Lemma rank_mulmx_positive q n (M : 'M[R]_(q, n)) (Z : 'M[R]_(n, q.+2)) :
  (q.+2 <= n)%N -> maxminors_nonneg M -> \rank M = q -> positive_mat Z ->
  \rank (M *m Z) = q.
Proof.
move=> le_n M_nonneg rank_M Z_pos.
have [e1 [M1_nonneg rank_M1]] := maxminors_nonneg_extend (ltnW le_n) M_nonneg rank_M.
have [e2 [M2_nonneg rank_M2]] := maxminors_nonneg_extend le_n M1_nonneg rank_M1.
have M2Z_unit : col_mx e2 (col_mx e1 M) *m Z \in unitmx.
  by rewrite unitmxE unitfE lt0r_neq0 // det_mulmx_gt0.
have := mxrank_unit M2Z_unit; rewrite !mul_col_mx => rank_M2Z.
apply/eqP; rewrite eqn_leq rank_leq_row -(leq_add2l 2) -[X in (X <= _)%N]rank_M2Z.
apply: leq_trans (mxrank_col_mx_le _ _) _; apply: leq_add (rank_leq_row _) _.
by apply: leq_trans (mxrank_col_mx_le _ _) _; apply: leq_add (rank_leq_row _) _.
Qed.

Lemma positive_mat_left_inverse n m (Z : 'M[R]_(n, m)) :
  (m <= n)%N -> positive_mat Z -> exists L : 'M[R]_(m, n), L *m Z = 1%:M.
Proof.
move=> le_mn Z_pos; pose w (i : 'I_m) := widen_ord le_mn i.
have w_unit : rowsub w Z \in unitmx.
  by rewrite unitmxE unitfE lt0r_neq0 // Z_pos.
by exists (invmx (rowsub w Z) *m rowsub w 1%:M); rewrite -mulmxA -rowsubE mulVmx.
Qed.

End PositiveImage.

Local Open Scope classical_set_scope.

Section Continuity.
Variable R : realType.

Lemma continuous_mx (T : topologicalType) m n (f : T -> 'M[R]_(m, n)) :
  (forall i j, continuous (fun x => f x i j)) -> continuous f.
Proof.
move=> f_cont x A [P P_nbhs PA]; apply: (filterS (fun y Py => PA (f y) Py)).
by apply: filter_forall => i; apply: filter_forall => j; apply: f_cont.
Qed.

Lemma continuous_mulmxr p n m (W : 'M[R]_(n, m)) :
  continuous (fun N : 'M[R]_(p, n) => N *m W).
Proof.
apply: continuous_mx => i j; under eq_fun do rewrite mxE.
apply: (@continuous_big R _ +%R 0 xpredT) => [|l _ N]; first exact: add_continuous.
by apply: continuousM; [exact: coord_continuous | exact: cst_continuous].
Qed.

Lemma continuous_det m : continuous (fun A : 'M[R]_m => \det A).
Proof.
apply: (@continuous_big R _ +%R 0 xpredT) => [|s _ A]; first exact: add_continuous.
change {for A, continuous (fun A : 'M[R]_m => (-1) ^+ s * \prod_i A i (s i))}.
apply: continuousM; first exact: cst_continuous.
apply: (@continuous_big R _ *%R 1 xpredT) => [|i _]; first exact: mul_continuous.
exact: coord_continuous.
Qed.

Lemma open_det_mulmx_neq0 p n (W : 'M[R]_(n, p)) :
  open [set N : 'M[R]_(p, n) | \det (N *m W) != 0].
Proof.
apply: (@open_comp _ _ (fun N : 'M[R]_(p, n) => \det (N *m W)) [set x : R | x != 0]).
  move=> N _; apply: (@continuous_comp _ _ _ (mulmxr W) (fun A => \det A)).
    exact: continuous_mulmxr.
  exact: continuous_det.
exact: open_neq.
Qed.

End Continuity.
(* The dropped denominator is the only one that sees the order of w p and w p.+1. *)
Lemma coefn_drop_swap N w v e p : (p < N)%N -> e p = e p.+1 ->
  (forall k, (k < N.+1)%N -> v k = w (adjswap p k)) ->
  coefn_drop N.+1 v e p = coefn_drop N.+1 w e p.
Proof.
move=> hp he hv.
pose u k := if (k < p)%N then w k else if k == p then w p * w p.+1 else w k.+1.
pose e' k := if (k < p)%N then e k else e k.+1.
have ulo k : (k < p)%N -> u k = w k by move=> hk; rewrite /u hk.
have up : u p = w p * w p.+1 by rewrite /u ltnn eqxx.
have uhi k : (p < k < N)%N -> u k = w k.+1.
  by case/andP=> hk _; rewrite /u ltnNge (ltnW hk) /= gtn_eqF.
have elo k : (k < p)%N -> e' k = e k by move=> hk; rewrite /e' hk.
have ehi k : (p <= k < N)%N -> e' k = e k.+1.
  by case/andP=> hk _; rewrite /e' ltnNge hk.
have hp1 : (p < N.+1)%N := ltnW hp.
rewrite (@coefn_drop_merge N w u e e') // (@coefn_drop_merge N v u e e') //.
- move=> k hk; have hkN : (k < N.+1)%N by lia.
  by rewrite ulo // hv // adjswap_id //; lia.
- by rewrite up !hv // /adjswap eqxx gtn_eqF // eqxx mulrC.
- move=> k /andP[hk1 hk2]; have hkN : (k.+1 < N.+1)%N by lia.
  by rewrite uhi ?hk1 // hv // adjswap_id //; lia.
Qed.

End Coefficients.
Arguments prefix_prod {K}.
Arguments coefn {K}.
Arguments coefn_drop {K}.

(* [AX] with weights and factors indexed by [nat] instead of a size-dependent ordinal,
   so that swapping or merging two positions is a mere change of index function. *)
Definition AXn (K : fieldType) (A : algType K) N (W : nat -> K) (F : nat -> A) : A :=
  \sum_(s : 'S_N) coefn N (fun k => W (permv s k)) (adesc s) *: \prod_(k < N) F (permv s k).

Lemma permvE N (s : 'S_N) (k : 'I_N) : permv s k = s k.
Proof. by rewrite /permv valK. Qed.

Lemma permv_lt N (s : 'S_N) k : (0 < N)%N -> (permv s k < N)%N.
Proof. by move=> hN; rewrite /permv; case: insubP. Qed.

Lemma permv_inj N (s : 'S_N) x y : (x < N)%N -> (y < N)%N ->
  permv s x = permv s y -> x = y.
Proof.
move=> hx hy.
rewrite -[x]/(nat_of_ord (Ordinal hx)) -[y]/(nat_of_ord (Ordinal hy)) !permvE.
by move/val_inj/perm_inj => ->.
Qed.
Arguments permv_inj {N s x y}.

Lemma permv_eq N (s : 'S_N) x y : (x < N)%N -> (y < N)%N ->
  (permv s x == permv s y) = (x == y).
Proof. by move=> hx hy; apply/eqP/eqP => [/(permv_inj hx hy)|->]. Qed.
________________________________________
# [Task brief]
Repeat the listing in full so that each line matches exactly.

# [Output of the task]
Lemma rank_mulmx_positive q n (M : 'M[R]_(q, n)) (Z : 'M[R]_(n, q.+2)) :
  (q.+2 <= n)%N -> maxminors_nonneg M -> \rank M = q -> positive_mat Z ->
  \rank (M *m Z) = q.
Proof.
move=> le_n M_nonneg rank_M Z_pos.
have [e1 [M1_nonneg rank_M1]] := maxminors_nonneg_extend (ltnW le_n) M_nonneg rank_M.
have [e2 [M2_nonneg rank_M2]] := maxminors_nonneg_extend le_n M1_nonneg rank_M1.
have M2Z_unit : col_mx e2 (col_mx e1 M) *m Z \in unitmx.
  by rewrite unitmxE unitfE lt0r_neq0 // det_mulmx_gt0.
have := mxrank_unit M2Z_unit; rewrite !mul_col_mx => rank_M2Z.
apply/eqP; rewrite eqn_leq rank_leq_row -(leq_add2l 2) -[X in (X <= _)%N]rank_M2Z.
apply: leq_trans (mxrank_col_mx_le _ _) _; apply: leq_add (rank_leq_row _) _.
by apply: leq_trans (mxrank_col_mx_le _ _) _; apply: leq_add (rank_leq_row _) _.
Qed.

Lemma positive_mat_left_inverse n m (Z : 'M[R]_(n, m)) :
  (m <= n)%N -> positive_mat Z -> exists L : 'M[R]_(m, n), L *m Z = 1%:M.
Proof.
move=> le_mn Z_pos; pose w (i : 'I_m) := widen_ord le_mn i.
have w_unit : rowsub w Z \in unitmx.
  by rewrite unitmxE unitfE lt0r_neq0 // Z_pos.
by exists (invmx (rowsub w Z) *m rowsub w 1%:M); rewrite -mulmxA -rowsubE mulVmx.
Qed.

End PositiveImage.

Local Open Scope classical_set_scope.

Section Continuity.
Variable R : realType.

Lemma continuous_mx (T : topologicalType) m n (f : T -> 'M[R]_(m, n)) :
  (forall i j, continuous (fun x => f x i j)) -> continuous f.
Proof.
move=> f_cont x A [P P_nbhs PA]; apply: (filterS (fun y Py => PA (f y) Py)).
by apply: filter_forall => i; apply: filter_forall => j; apply: f_cont.
Qed.

Lemma continuous_mulmxr p n m (W : 'M[R]_(n, m)) :
  continuous (fun N : 'M[R]_(p, n) => N *m W).
Proof.
apply: continuous_mx => i j; under eq_fun do rewrite mxE.
apply: (@continuous_big R _ +%R 0 xpredT) => [|l _ N]; first exact: add_continuous.
by apply: continuousM; [exact: coord_continuous | exact: cst_continuous].
Qed.

Lemma continuous_det m : continuous (fun A : 'M[R]_m => \det A).
Proof.
apply: (@continuous_big R _ +%R 0 xpredT) => [|s _ A]; first exact: add_continuous.
change {for A, continuous (fun A : 'M[R]_m => (-1) ^+ s * \prod_i A i (s i))}.
apply: continuousM; first exact: cst_continuous.
apply: (@continuous_big R _ *%R 1 xpredT) => [|i _]; first exact: mul_continuous.
exact: coord_continuous.
Qed.

Lemma open_det_mulmx_neq0 p n (W : 'M[R]_(n, p)) :
  open [set N : 'M[R]_(p, n) | \det (N *m W) != 0].
Proof.
apply: (@open_comp _ _ (fun N : 'M[R]_(p, n) => \det (N *m W)) [set x : R | x != 0]).
  move=> N _; apply: (@continuous_comp _ _ _ (mulmxr W) (fun A => \det A)).
    exact: continuous_mulmxr.
  exact: continuous_det.
exact: open_neq.
Qed.

End Continuity.
(* The dropped denominator is the only one that sees the order of w p and w p.+1. *)
Lemma coefn_drop_swap N w v e p : (p < N)%N -> e p = e p.+1 ->
  (forall k, (k < N.+1)%N -> v k = w (adjswap p k)) ->
  coefn_drop N.+1 v e p = coefn_drop N.+1 w e p.
Proof.
move=> hp he hv.
pose u k := if (k < p)%N then w k else if k == p then w p * w p.+1 else w k.+1.
pose e' k := if (k < p)%N then e k else e k.+1.
have ulo k : (k < p)%N -> u k = w k by move=> hk; rewrite /u hk.
have up : u p = w p * w p.+1 by rewrite /u ltnn eqxx.
have uhi k : (p < k < N)%N -> u k = w k.+1.
  by case/andP=> hk _; rewrite /u ltnNge (ltnW hk) /= gtn_eqF.
have elo k : (k < p)%N -> e' k = e k by move=> hk; rewrite /e' hk.
have ehi k : (p <= k < N)%N -> e' k = e k.+1.
  by case/andP=> hk _; rewrite /e' ltnNge hk.
have hp1 : (p < N.+1)%N := ltnW hp.
rewrite (@coefn_drop_merge N w u e e') // (@coefn_drop_merge N v u e e') //.
- move=> k hk; have hkN : (k < N.+1)%N by lia.
  by rewrite ulo // hv // adjswap_id //; lia.
- by rewrite up !hv // /adjswap eqxx gtn_eqF // eqxx mulrC.
- move=> k /andP[hk1 hk2]; have hkN : (k.+1 < N.+1)%N by lia.
  by rewrite uhi ?hk1 // hv // adjswap_id //; lia.
Qed.

End Coefficients.
Arguments prefix_prod {K}.
Arguments coefn {K}.
Arguments coefn_drop {K}.

(* [AX] with weights and factors indexed by [nat] instead of a size-dependent ordinal,
   so that swapping or merging two positions is a mere change of index function. *)
Definition AXn (K : fieldType) (A : algType K) N (W : nat -> K) (F : nat -> A) : A :=
  \sum_(s : 'S_N) coefn N (fun k => W (permv s k)) (adesc s) *: \prod_(k < N) F (permv s k).

Lemma permvE N (s : 'S_N) (k : 'I_N) : permv s k = s k.
Proof. by rewrite /permv valK. Qed.

Lemma permv_lt N (s : 'S_N) k : (0 < N)%N -> (permv s k < N)%N.
Proof. by move=> hN; rewrite /permv; case: insubP. Qed.

Lemma permv_inj N (s : 'S_N) x y : (x < N)%N -> (y < N)%N ->
  permv s x = permv s y -> x = y.
Proof.
move=> hx hy.
rewrite -[x]/(nat_of_ord (Ordinal hx)) -[y]/(nat_of_ord (Ordinal hy)) !permvE.
by move/val_inj/perm_inj => ->.
Qed.
Arguments permv_inj {N s x y}.

Lemma permv_eq N (s : 'S_N) x y : (x < N)%N -> (y < N)%N ->
  (permv s x == permv s y) = (x == y).
Proof. by move=> hx hy; apply/eqP/eqP => [/(permv_inj hx hy)|->]. Qed.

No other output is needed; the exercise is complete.